Рихард Зорге — страница 21 из 24

Рихард ускорил шаги. Хорошо бы разыскать Клаузена: быть может, он все еще там, в зале. Но в зале Клаузена не оказалось. Пройти в сад, поискать его там решает Рихард и тут же слышит, как его окликают сразу несколько голосов. Подвыпившие сотрудники посольства требуют, чтобы он обязательно чокнулся с ними в честь «народного единения». Все подходят к стойке, поднимают бокалы. Рихард почти автоматически произносит несколько высокопарных фраз.

Вино выпито.

Кто-то лезет к нему целоваться.

Наконец Рихард в саду. На листок блокнота ложится текст шифровки.

— Дорогой Рихард, неужели вы не можете забыть о работе даже в такой вечер?

Чей это голос?

Рихард поднял глаза: Хильда?

— Я охочусь за вами целый вечер. Но вы просто неуловимы. То уединяетесь с шефом. Теперь решили заняться какой-то писаниной. Прошу вас, уделите несколько минут женщине, которая, может быть, всю жизнь ждала этого мгновенья.

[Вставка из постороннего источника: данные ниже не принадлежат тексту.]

Lemma centrosymmetric_row_decomp (v : 'rV[R]_n) (c : 'I_h -> R) :
  centrosymmetric v ->
  (forall y : 'I_h, c y = 2 * v 0 (widen_ord uphalf_pred_leq y)) ->
  v = (\sum_j v 0 j - \sum_y c y) *: mid_row R n + \sum_y c y *: dvec R n y.
Proof.
move=> v_cs c_def; apply/eqP; rewrite -subr_eq0; apply/eqP/centrosymmetric_row_eq0.
- rewrite /centrosymmetric [in RHS]linearB [in RHS]linearD [in RHS]linearZ.
  rewrite [in RHS]linear_sum /= -v_cs -mid_row_centrosymmetric.
  congr (_ - (_ + _)); apply: eq_bigr => y _; rewrite [RHS]linearZ; congr (_ *: _).
  by apply: dvec_centrosymmetric; case: (low_index (ltn_ord y)).
- move=> y; rewrite mxE [X in _ + X]mxE comb_mid_dvec_low c_def.
  by rewrite mulrC mulKf ?pnatr_eq0 ?subrr.
- under eq_bigr do rewrite mxE [X in _ + X]mxE.
  by rewrite sumrB rowsum_mid_dvec subrK subrr.
Qed.

End CentrosymmetricRows.

Section StochasticBasis.
Variables (R : realFieldType) (k n N : nat) (B : 'I_N -> 'M[R]_(k, n)).
Hypotheses (k_gt0 : (0 < k)%N) (n_gt0 : (0 < n)%N).
Hypothesis B_basis : is_basis (@Gamma R k n) B.

Lemma basis_stochastic l : stochastic (B l).
Proof. exact: B_basis.1. Qed.

Lemma coef_sum_rowsum (a : 'I_N -> R) :
  \sum_l a l = \sum_j (\sum_l a l *: B l) (Ordinal k_gt0) j.
Proof. by rewrite rowsum_comb //; apply: basis_stochastic. Qed.

Lemma span_nonneg (P : 'M[R]_(k, n)) t :
  (forall i j, 0 <= P i j) -> (forall i, \sum_j P i j = t) -> 0 < t ->
  exists a : 'I_N -> R, P = \sum_l a l *: B l /\ \sum_l a l = t.
Proof.
move=> P_ge0 P_sum t_gt0; have [_ [_ B_span]] := B_basis.
have [b eQ] := B_span _ (stochastic_scale P_ge0 P_sum t_gt0).
have eP : P = \sum_l (t * b l) *: B l.
  under eq_bigr do rewrite -scalerA.
  by rewrite -scaler_sumr -eQ scalerA mulfV ?gt_eqF ?scale1r.
by exists (fun l => t * b l); split; rewrite // coef_sum_rowsum -eP P_sum.
Qed.

Lemma span_rowsum (M : 'M[R]_(k, n)) s : (forall i, \sum_j M i j = s) ->
  exists a : 'I_N -> R, M = \sum_l a l *: B l /\ \sum_l a l = s.
Proof.
move=> M_sum; pose c := 1 + \sum_i \sum_j `|M i j|.
have P_ge1 i j : 1 <= (M + const_mx c) i j.
  have norm_le : `|M i j| <= \sum_i \sum_j `|M i j|.
    apply: le_trans (ler_sum_nonneg (F := fun i => \sum_j `|M i j|) i _) => [|i'].
      exact: (ler_sum_nonneg (F := fun j => `|M i j|) j _).
    exact: sumr_ge0.
  by rewrite !mxE; have := ler_norm (- M i j); rewrite normrN /c; lra.
have c_gt0 : 0 < c.
  by apply: lt_le_trans ltr01 _; rewrite lerDl; do 2!(apply: sumr_ge0 => ? _).
have const_sum (i : 'I_k) : \sum_(j < n) const_mx c i j = c *+ n.
  by under eq_bigr do rewrite mxE; rewrite sumr_const card_ord.
have P_sum (i : 'I_k) : \sum_j (M + const_mx c) i j = s + c *+ n.
  by under eq_bigr do rewrite mxE; rewrite big_split /= M_sum const_sum.
have P_pos : 0 < s + c *+ n.
  rewrite -(P_sum (Ordinal k_gt0)); apply: lt_le_trans (ler_sum _ (fun j _ => P_ge1 _ j)).
  by rewrite sumr_const card_ord ltr0n.
have [a [eP sum_a]] := span_nonneg (fun i j => le_trans ler01 (P_ge1 i j)) P_sum P_pos.
have const_ge0 (i : 'I_k) (j : 'I_n) : 0 <= const_mx c i j by rewrite mxE ltW.
have [b [eC sum_b]] : exists b : 'I_N -> R,
    const_mx c = \sum_l b l *: B l /\ \sum_l b l = c *+ n.
  by apply: span_nonneg const_ge0 const_sum _; rewrite pmulrn_lgt0.
exists (a \- b); split.
  by rewrite -[M](addrK (const_mx c)) eP eC -sumrB; apply: eq_bigr => l _; rewrite scalerBl.
by rewrite sumrB sum_a sum_b addrK.
Qed.

Local Notation h := (uphalf n).-1.

Lemma sum_tilde_family (c : 'I_(N + h) -> R) :
  let X := \sum_x c (lshift h x) *: B x + \sum_y c (rshift N y) *: Cmat R k n y in
  \sum_i c i *: tilde_family B i =
  stack X ((\sum_x c (lshift h x)) *: mid_row R n + \sum_y c (rshift N y) *: dvec R n y)
    (mx_pi X).
Proof.
move=> X; rewrite big_split_ord /=.
under eq_bigr => x _ do rewrite /tilde_family (unsplitK (inl _ x)).
under [X in _ + X]eq_bigr => y _ do rewrite /tilde_family (unsplitK (inr _ y)).
rewrite /Btilde /Ctilde !sum_stack /stack !add_col_mx -scaler_suml /X linearD !linear_sum.
by congr (col_mx _ (col_mx _ (_ + _))); apply: eq_bigr => i _; rewrite linearZ.
Qed.

Lemma tilde_family_Gamma_pi i : Gamma_pi (tilde_family B i).
Proof.
rewrite /tilde_family; case: (split i) => [x|y]; apply: Gamma_pi_stack.
- exact: basis_stochastic.
- exact: mid_row_stochastic.
- exact: mid_row_centrosymmetric.
all: have [lt_yn ne_y] := low_index (ltn_ord y).
- exact: stochastic_Cmat.
- exact: stochastic_dvec.
- exact: dvec_centrosymmetric.
Qed.

Lemma tilde_family_free (c : 'I_(N + h) -> R) :
  \sum_i c i *: tilde_family B i = 0 -> forall i, c i = 0.
Proof.
rewrite sum_tilde_family /stack => /eqP.
rewrite !col_mx_eq0 => /and3P[/eqP top0 /eqP mid0 _].
have c_right y : c (rshift N y) = 0.
  have := congr1 (fun v : 'rV_n => v 0 (widen_ord (uphalf_pred_leq n) y)) mid0.
  rewrite /= comb_mid_dvec_low mxE => /eqP.
  by rewrite mulf_eq0 invr_eq0 pnatr_eq0 orbF => /eqP.
have c_left : forall x, c (lshift h x) = 0.
  apply: B_basis.2.1; rewrite -[RHS]top0 [X in _ = _ + X]big1 ?addr0 // => y _.
  by rewrite c_right scale0r.
by move=> i; rewrite -(splitK i); case: (split i) => [x|y] /=; rewrite ?c_left ?c_right.
Qed.

Lemma tilde_family_span A : Gamma_pi A -> exists c, A = \sum_i c i *: tilde_family B i.
Proof.
have [X [v [Y ->]]] : exists X v Y, A = stack X v Y.
  by exists (usubmx A), (usubmx (dsubmx A)), (dsubmx (dsubmx A)); rewrite /stack !vsubmxK.
case=> /stochastic_stack[X_st v_st _] /centrosymmetric_stack[-> v_cs].
pose c (y : 'I_h) := 2 * v 0 (widen_ord (uphalf_pred_leq n) y).
have C_st (y : 'I_h) : stochastic (Cmat R k n y).
  by apply: stochastic_Cmat; case: (low_index (ltn_ord y)).
have M_sum i : \sum_j (X - \sum_y c y *: Cmat R k n y) i j = 1 - \sum_y c y.
  by under eq_bigr do rewrite mxE [X in _ + X]mxE; rewrite sumrB X_st.2 rowsum_comb.
have [a [eM sum_a]] := span_rowsum M_sum.
pose cc i := match split i with inl x => a x | inr y => c y end.
have cc_left x : cc (lshift h x) = a x by rewrite /cc (unsplitK (inl _ x)).
have cc_right y : cc (rshift N y) = c y by rewrite /cc (unsplitK (inr _ y)).
exists cc; rewrite sum_tilde_family /=.
have eX : X = \sum_x cc (lshift h x) *: B x + \sum_y cc (rshift N y) *: Cmat R k n y.
  rewrite -[X](subrK (\sum_y c y *: Cmat R k n y)) eM.
  by congr (_ + _); apply: eq_bigr => ? _; rewrite ?cc_left ?cc_right.
rewrite -eX; congr stack.
rewrite {1}(centrosymmetric_row_decomp n_gt0 v_cs (fun y => erefl : c y = _)) v_st.2 -sum_a.
by congr (_ *: _ + _); apply: eq_bigr => ? _; rewrite ?cc_left ?cc_right.
Qed.

End StochasticBasis.

Theorem mainTheorem10 (R : realFieldType) (k n : nat) (hk : (0 < k)%N) (hn : (0 < n)%N)
    (B : 'I_(k * (n - 1) + 1) -> 'M[R]_(k, n)) :
  is_basis (@Gamma R k n) B ->
  is_basis (@Gamma_pi R (k + (1 + k)) n) (tilde_family B).
Proof.
move=> B_basis; split; [|split].
- exact: tilde_family_Gamma_pi.
- exact: tilde_family_free.
- exact: tilde_family_span.
Qed.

«И эта напилась», — подумал Рихард.

— С удовольствием, дорогая Хильда…

Он хотел сказать, что было бы лучше, если бы они поговорили в другой раз, но промолчал. С Хильдой творилось что-то неладное. Такой он ее еще никогда не видел. Глаза округлились, лицо побледнело. На крепко сжатых губах блуждала безумная улыбка.

— Что с вами, — спросил Рихард, — случилось что-нибудь?

Хильда молчала. Ее бил нервный озноб.

— Что произошло? — Рихард взял ее за руку.

Хильда рванулась к нему, зашептала:

— Только не презирайте меня, Рихард… Я сошла с ума… Это ужасно, но у меня больше нет сил. Я не могу молчать…

«Этого еще не хватало!» — подумал Рихард, пытаясь отстранить ее от себя.

Словно прочтя его мысли, она отпрянула, выпрямилась и глядя прямо в его глаза твердо произнесла:

— Я люблю вас, Рихард. И это ужасно. Я готова понести любое наказание за свою слабость.

— Но за что же вас наказывать? — искренне удивился Рихард. — Разве вы в чем-то провинились?

— Да! Я виновата перед фюрером, перед национал-социалистской партией, перед великой Германией. Я — плохая немка, Рихард, — в ее голосе звучал металл. — Я не оправдала доверия. Я поклялась, что все мои чувства и помыслы будут принадлежать только фюреру и службе, на которую он послал меня. Я не должна была думать ни о чем другом. Но я нарушила свою клятву. Дала волю низменным чувствам. Превратилась в дрянь, в тряпку.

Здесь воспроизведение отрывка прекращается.